Early literature on health care utilization associated with depression focused on somatization, including unexplained somatic symptoms or exaggerated health concerns [1]. According to this view, many frequent users of medical care are actually the worried well expressing psychological distress through somatic symptoms. Effective treatment of underlying depression or anxiety might eliminate unexplained somatic symptoms and the need for unnecessary medical services.

Subsequent research work suggest a more complex relationship between depression, somatic symptoms, chronic medical illness and use of medical services. Rather than being worried well, those with depressive or anxiety disorders are actually more likely to suffer from chronic medical conditions [2], [3]. Among those with chronic illness, depression is associated with poorer clinical and functional outcomes [4], [5]. While depression may increase perception and reporting of somatic symptoms, depression may also be a consequence of the persistent pain [6] or the functional limitations caused by chronic illness [7], [8]. The association between depression and increased use of general medical services appears to be as strong among those with chronic illness as among those without significant medical conditions [9].
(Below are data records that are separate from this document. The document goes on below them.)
Lemma barycenter_comb (u : vec) c : coord_sum u = 0 ->
  \sum_(k < d) (u 0 k + c) *: (e k - barycenter) = u.
Proof.
move=> s0; apply/rowP => j; rewrite summxE.
under eq_bigr do rewrite mxE mxE std_basis_coord mxE mulrBr.
rewrite sumrB -mulr_suml big_split /= -/(coord_sum u) s0 add0r sumr_const card_ord.
rewrite mxE -(mulr_natr c) mulfK ?pnatr_eq0; last lia.
rewrite (bigD1 j) //= eqxx mulr1 big1 ?addr0 ?addrK // => k kj.
by rewrite eq_sym (negbTE kj) mulr0.
Qed.

Lemma face_convA : is_face e (convA e).
Proof.
split; first by exists barycenter; exact: convA_barycenter.
split=> //; split=> // y z t.
move=> /convA_std_basisP[y0 y1] /convA_std_basisP[z0 z1] /andP[t0 t1].
apply/convA_std_basisP; split.
  by move=> k; rewrite !mxE addr_ge0 // mulr_ge0 // subr_ge0.
by rewrite linearD !linearZ /= y1 z1 !mulr1 subrK.
Qed.

Lemma in_Sx_barycenter : in_Sx e setT barycenter setT.
Proof.
split=> //; exists (fun _ => d%:R^-1); split=> [k _|]; first by rewrite invr_gt0 ltr0n; lia.
split.
  by rewrite sumr_const cardsT card_ord -(mulr_natr d%:R^-1) mulVf // pnatr_eq0; lia.
by apply/rowP => j; rewrite comb_std_basis_coord in_setT mxE.
Qed.

Lemma balanced_dir_neq0 : balanced_dir != 0.
Proof.
apply/negP => /eqP bd0; have := enorm_balanced_gt0.
by rewrite bd0 /enorm /dot big1 ?sqrtr0 ?ltxx // => k _; rewrite mxE mul0r.
Qed.

Lemma cone_balanced_dir : in_cone (convA e) barycenter balanced_dir.
Proof.
exists d, (fun k => balanced_dir 0 k + (d./2)%:R), (fun k => e k); split.
  by move=> k; rewrite mxE; case: ifP => _; rewrite ?addNr // addr_ge0.
split; first exact: convA_std_basis.
by rewrite barycenter_comb ?coord_sum_balanced_dir.
Qed.

Lemma simplex_PWidth : PWidth e (Num.sqrt sq_width).
Proof.
have vertices_face i : i \in setT <-> convA e (e i).
  by split=> _; [exact: convA_std_basis | rewrite in_setT].
split=> [y [K [T [x [r [F [hT [Kx [cone [nz [[S [hS hy]] _]]]]]]]]]]|b hb].
  exact: pdirw_ge F hT Kx cone nz hS hy.
apply: hb; exists (convA e), setT, barycenter, balanced_dir.
split; first exact: face_convA.
split; first exact: vertices_face.
split; first exact: convA_barycenter.
split; first exact: cone_balanced_dir.
split; first exact: balanced_dir_neq0.
split=> [|y [S [hS hy]]].
  exists setT; split; first exact: in_Sx_barycenter.
  have [[i [j ->]] hmax] := normalized_balanced_max.
  split; first by exists i, j; rewrite !in_setT.
  by move=> y [k [l [_ [_ ->]]]]; apply: hmax; exists k, l.
exact: pdirw_ge face_convA vertices_face convA_barycenter
  cone_balanced_dir balanced_dir_neq0 hS hy.
Qed.

Lemma simplex_width : width e (Num.sqrt sq_width).
Proof.
split=> [|y [u [ds [u1 [_ ymax]]]]].
  set u := (enorm balanced_dir)^-1 *: balanced_dir.
  have s0 : coord_sum u = 0 by rewrite linearZ /= coord_sum_balanced_dir mulr0.
  exists u; split.
    exists d, (fun k => u 0 k), (fun k => e k), (fun _ => barycenter).
    split; first by move=> k; exact: convA_std_basis.
    split; first by move=> _; exact: convA_barycenter.
    by under eq_bigr do rewrite -[u 0 _]addr0; rewrite barycenter_comb.
  split; last exact: normalized_balanced_max.
  rewrite enormZ ger0_norm ?mulVf ?invr_ge0 ?gt_eqF ?ltW //; exact: enorm_balanced_gt0.
have [i [j [hi hj]]] := exists_extremal_coords u (ltnW hd).
apply: le_trans (ymax _ (ex_intro _ i (ex_intro _ j erefl))).
rewrite dot_std_basisB -[Num.sqrt _]mulr1 -u1.
exact: sqrt_sq_width_mul_enorm_le (diffspan_coord_sum ds) hi hj.
Qed.

Lemma sq_width_closed_form :
  (if odd d then 2 / Num.sqrt (d%:R - d%:R^-1) else 2 / Num.sqrt d%:R) = Num.sqrt sq_width.
Proof.
have sqrt_4div (X : R) : 0 < X -> Num.sqrt (4 / X) = 2 / Num.sqrt X.
  move=> X0; rewrite sqrtrM ?sqrtrV ?ltW // (_ : 4 = 2 ^+ 2) ?sqrtr_sqr ?ger0_norm //.
  by rewrite expr2 -natrM.
rewrite /sq_width /half_prod; have := odd_double_half d; rewrite -addnn.
move: d./2 => h; case: (odd d) => /= E.
  have h1 : (1 <= h)%N by lia.
  have dR : d%:R = 2 * h%:R + 1 :> R by rewrite -E !natrD; ring.
  have dhR : (d - h)%:R = h%:R + 1 :> R by rewrite (_ : d - h = h + 1)%N ?natrD //; lia.
  have hR : 1 <= h%:R :> R by rewrite ler1n.
  have dinv : d%:R^-1 < 1 :> R by rewrite invf_lt1 dR; lra.
  rewrite -sqrt_4div; last by rewrite subr_gt0 (lt_le_trans dinv) // dR; lra.
  apply: congr1; rewrite natrM dhR dR.
  by field; apply/and4P; split; apply: lt0r_neq0; nra.
have h1 : (1 <= h)%N by lia.
have dR : d%:R = 2 * h%:R :> R by rewrite -E !natrD; ring.
have hR : 1 <= h%:R :> R by rewrite ler1n.
rewrite -sqrt_4div ?dR; last lra.
rewrite (_ : d - h = h)%N; last lia.
by apply: congr1; rewrite natrM; field; apply: lt0r_neq0; lra.
Qed.
End AtLeastTwo.
End Simplex.

Unset Implicit Arguments.

Theorem mainTheorem6 (R : rcfType) (d : nat) (hd : (2 <= d)%N) :
  let w : R := if odd d then 2 / Num.sqrt (d%:R - d%:R^-1) else 2 / Num.sqrt d%:R in
  PWidth (@std_basis R d) w /\ width (@std_basis R d) w.
Proof.
rewrite /= (sq_width_closed_form R hd).
split; [exact: simplex_PWidth | exact: simplex_width].
Qed.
People with diabetes are an important population in which to study the effects of chronic medical illness and depression on use of health care. Total societal costs of diabetes are estimated to exceed US$130 billion annually [10], and the prevalence of Type 2 diabetes is rapidly increasing [11]. Furthermore, diabetes is a prototypical chronic illness with well-defined indicators of severity and progression, allowing an opportunity to examine the interaction of depression and severity of medical illness in predicting health care utilization. Three previous reports have examined the impact of depression on costs of care for diabetes in American national samples. Using Medicare claims, Finkelstein et al. [12] found that treatment of depression was associated with greater use of inpatient and outpatient medical services. Himelhoch et al. [13] found that a diagnosis of depression was associated with greater use of acute care services (emergency department and inpatient care) among Medicare beneficiaries with diabetes and other chronic medical conditions. Using Medical Expenditure Panel Survey data, Egede et al. [14] found that self-reported history of depression was associated with higher total health service costs among respondents with diabetes. In a sample of 367 health maintenance organization members with diabetes, Ciechanowski et al. [15] found that higher Hopkins Symptom Checklist depression scores were associated with significantly higher health service costs.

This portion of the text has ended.